Theorem corollary2p6 (p : nat) (A : comPzRingType) (n : nat)
  (hp : prime p) (hchar : p%:R = 0 :> A)
  (a : 'I_n -> A) (hreg : regular_seq a)
  (f : coefs A n) (hf : finsupp f) :
  (exists h : 'I_n -> coefs A n,
      (forall i, finsupp (h i)) /\ cpow f p = Dmap a h) ->
  forall r : mindex n, in_ideal a (f r ^+ p).
Proof.
move=> [h [_ hD]] q; case: hf => N hN.
case: p hp hchar hD => [//|p'] hp hchar hD.
have p'_gt0 : (0 < p')%N by case: p' hp {hchar hD}.
apply: (regular_seq_colon (k := p') hreg).
exists (fun i => psi_cofactor p' a i (h i) q).
by rewrite mulrC -(psi_cpow_char a hchar hp hN) hD psi_Dmap.
Qed.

+ + + + +

- Exercise details: Having read the entries, repeat them all exactly.

- Result of the exercise:
Theorem corollary2p6 (p : nat) (A : comPzRingType) (n : nat)
  (hp : prime p) (hchar : p%:R = 0 :> A)
  (a : 'I_n -> A) (hreg : regular_seq a)
  (f : coefs A n) (hf : finsupp f) :
  (exists h : 'I_n -> coefs A n,
      (forall i, finsupp (h i)) /\ cpow f p = Dmap a h) ->
  forall r : mindex n, in_ideal a (f r ^+ p).
Proof.
move=> [h [_ hD]] q; case: hf => N hN.
case: p hp hchar hD => [//|p'] hp hchar hD.
have p'_gt0 : (0 < p')%N by case: p' hp {hchar hD}.
apply: (regular_seq_colon (k := p') hreg).
exists (fun i => psi_cofactor p' a i (h i) q).
by rewrite mulrC -(psi_cpow_char a hchar hp hN) hD psi_Dmap.
Qed.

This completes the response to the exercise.